Part 3: Find Bounding Boxes of Connected Houses in a Ragged Grid
Constraints
- 0 <= number of rows <= 200000
- Total number of existing cells across all rows <= 200000
- Each cell is either 0 or 1
Examples
Input: ([[1, 0, 1], [1, 0, 0], [0, 1]])
Expected Output: [(0, 0, 1, 0), (0, 2, 0, 2), (2, 1, 2, 1)]
Explanation: There are three components: the left vertical pair, the single top-right house, and the single bottom house.
Input: ([[1, 1, 0], [1], [0, 1, 1]])
Expected Output: [(0, 0, 1, 1), (2, 1, 2, 2)]
Explanation: The missing cell at row 1, col 1 breaks what would otherwise look connected in a rectangular grid.
Input: ([])
Expected Output: []
Explanation: Edge case: empty grid.
Input: ([[0], [], [1]])
Expected Output: [(2, 0, 2, 0)]
Explanation: Only one house exists.
Hints
- Treat each existing `1` cell as a graph node and run DFS or BFS over valid neighbors only.
- While exploring one component, keep track of min/max row and column indices.
Part 4: Compute the Maximum Transfer Time in a Network
Constraints
- 1 <= n <= 2000
- 0 <= len(edges) <= 5000
- 0 <= u, v < n
- The graph is connected
Examples
Input: (4, [(0, 1), (1, 2), (2, 3)])
Expected Output: 3
Explanation: A simple path of length 3 has diameter 3.
Input: (5, [(0, 1), (1, 2), (2, 3), (3, 0), (1, 4)])
Expected Output: 3
Explanation: The farthest pair is server 4 and server 3, at distance 3.
Input: (1, [])
Expected Output: 0
Explanation: Edge case: a single server has diameter 0.
Input: (5, [(0, 1), (0, 2), (0, 3), (0, 4)])
Expected Output: 2
Explanation: In a star, the distance between any two leaves is 2.
Hints
- In an unweighted graph, shortest paths from a source can be found with BFS.
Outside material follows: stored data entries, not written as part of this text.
Definition normi2 (V : R3 -> R) (k : nat) (r : nat -> R) (i : nat)
    (u : R3 -> R) (g : 'I_3 -> R3 -> R) : R :=
  fine (\int[leb3]_(x in shell k r i) (gradsq g x + V x * u x ^+ 2)%:E).

Definition gradi2 (k : nat) (r : nat -> R) (i : nat) (g : 'I_3 -> R3 -> R) : R :=
  fine (\int[leb3]_(x in shell k r i) (gradsq g x)%:E).

Definition Lpi (p : R) (k : nat) (r : nat -> R) (i : nat) (u : R3 -> R) : R :=
  fine (\int[leb3]_(x in shell k r i) (`|u x| `^ p)%:E).

Definition Nminus (V : R3 -> R) (k : nat) (r : nat -> R) (p b : R)
    (u : 'I_k.+1 -> R3 -> R) (g : 'I_k.+1 -> 'I_3 -> R3 -> R) : Prop :=
  (forall i : 'I_k.+1, Hi V k r i (u i) (g i)) /\
  forall i : 'I_k.+1,
    [/\ ~ aezero (u i),
        normi2 V k r i (u i) (g i) + b * (gradi2 k r i (g i)) ^+ 2
          + b * gradi2 k r i (g i) * (\sum_(j < k.+1 | j != i) gradi2 k r j (g j))
          = Lpi p k r i (u i) &
        (4 - p) * Lpi p k r i (u i) < 2 * normi2 V k r i (u i) (g i)].

Definition bhat (p : R) (k : nat) (S : R) : R :=
  (p - 2) / (4 - p)
  * (1 + k%:R * 2 `^ (2 / (p - 2)) * (2 / (4 - p)) `^ (2 / (p - 2)))^-1
  * ((4 - p) / 2) `^ (2 / (p - 2)) * (2 * S) `^ (- (p / (p - 2))).

Definition bstar (p : R) (k : nat) (S : R) : R :=
  Num.min ((p - 2) / (4 - p) * ((4 - p) / 2) `^ (2 / (p - 2))
             * (2 * S) `^ (- (p / (p - 2))))
          (bhat p k S).

End Defs.

From HB Require Import structures.
From mathcomp Require Import all_boot all_order all_algebra.
From mathcomp Require Import all_classical all_reals all_analysis.
From mathcomp Require Import ring lra.
Import Order.TTheory GRing.Theory Num.Theory.
Import numFieldNormedType.Exports.
Local Open Scope classical_set_scope.
Local Open Scope ring_scope.

(* Scaling u_i by t_i > 0 multiplies ||u_i||_i^2 and int_{B_i} |grad u_i|^2 by t_i^2
   and int_{B_i} |u_i|^p by t_i^p.  Dividing the i-th constraint by t_i^2 shows that
   (t_i u_i) lies on N_k^- iff, for X := sum_j t_j^2 int_{B_j} |grad u_j|^2,
   t_i^(p-2) = y_i(X) := (||u_i||^2 + b X int_{B_i} |grad u_i|^2) / int_{B_i} |u_i|^p
   and y_i(X) < Y_i := 2 ||u_i||^2 / ((4-p) int_{B_i} |u_i|^p).  So the problem
   reduces to the scalar equation X = F(X) := sum_j y_j(X)^(2/(p-2)) int_{B_j} |grad u_j|^2.
   The bound on the quotients and b < b_* give F(X_s) < X_s at the point X_s up to
   which y_i <= Y_i is guaranteed, so a fixed point exists by the intermediate value
   theorem; where y_i <= Y_i the mean value theorem bounds the slope of F by a
   constant < 1, so the fixed point is unique. *)

Section integral_scale.
Local Open Scope ereal_scope.
Context d (T : measurableType d) (R : realType) (mu : {measure set T -> \bar R}).
Import HBNNSimple.

Lemma ereal_sup_sintegralZl (f : T -> \bar R) (k : R) : (0 < k)%R ->
  ereal_sup [set sintegral mu (h : {nnsfun T >-> R}) |
    h in [set h : {nnsfun T >-> R} | forall x, (h x)%:E <= k%:E * f x]]
  = k%:E * ereal_sup [set sintegral mu (h : {nnsfun T >-> R}) |
    h in [set h : {nnsfun T >-> R} | forall x, (h x)%:E <= f x]].
Proof.
move=> k_gt0; rewrite -ereal_sup_pZl //; congr ereal_sup; apply/seteqP; split.
- move=> _ [h hle <-].
  have kV_ge0 : (0 <= k^-1)%R by rewrite invr_ge0 ltW.
  exists (sintegral mu (scale_nnsfun h kV_ge0)).
    exists (scale_nnsfun h kV_ge0) => // x /=.
    rewrite EFinM -(@lee_pmul2l _ k%:E) ?lte_fin// muleA -EFinM mulfV ?gt_eqF//.
    by rewrite mul1r; exact: hle.
  rewrite -(sintegralrM mu k); apply: eq_sintegral => x /=.
  by rewrite mulrA mulfV ?gt_eqF// mul1r.
- move=> _ [_ [h hle <-] <-].
  exists (scale_nnsfun h (ltW k_gt0)); last first.
    by rewrite -(sintegralrM mu k); apply: eq_sintegral.
  by move=> x /=; rewrite EFinM lee_pmul2l ?lte_fin//; exact: hle.
Qed.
- For a general graph, computing the diameter exactly can be done by running BFS from every node.
Part 5: Maintain the Median of a Data Stream
Constraints
- 1 <= len(operations) <= 200000
- Values inserted by `add` are integers
- Every `median` operation occurs only after at least one `add`
Examples
Input: ([('add', 1), ('median', None), ('add', 2), ('median', None), ('add', 3), ('median', None)])
Expected Output: [1.0, 1.5, 2.0]
Explanation: The medians after the three queries are 1, then (1+2)/2, then 2.
Input: ([('add', 5), ('add', 15), ('add', 1), ('add', 3), ('median', None)])
Expected Output: [4.0]
Explanation: Sorted values are [1, 3, 5, 15], so the median is (3 + 5) / 2.
Input: ([('add', 7), ('median', None)])
Expected Output: [7.0]
Explanation: Edge case: only one value has been inserted.
Input: ([('add', -1), ('add', -2), ('median', None), ('add', -3), ('median', None)])
Expected Output: [-1.5, -2.0]
Explanation: After two values the median is -1.5; after three values it is -2.
Hints
- Keep the smaller half of the numbers in a max-heap and the larger half in a min-heap.
- After every insertion, rebalance so the heaps differ in size by at most 1.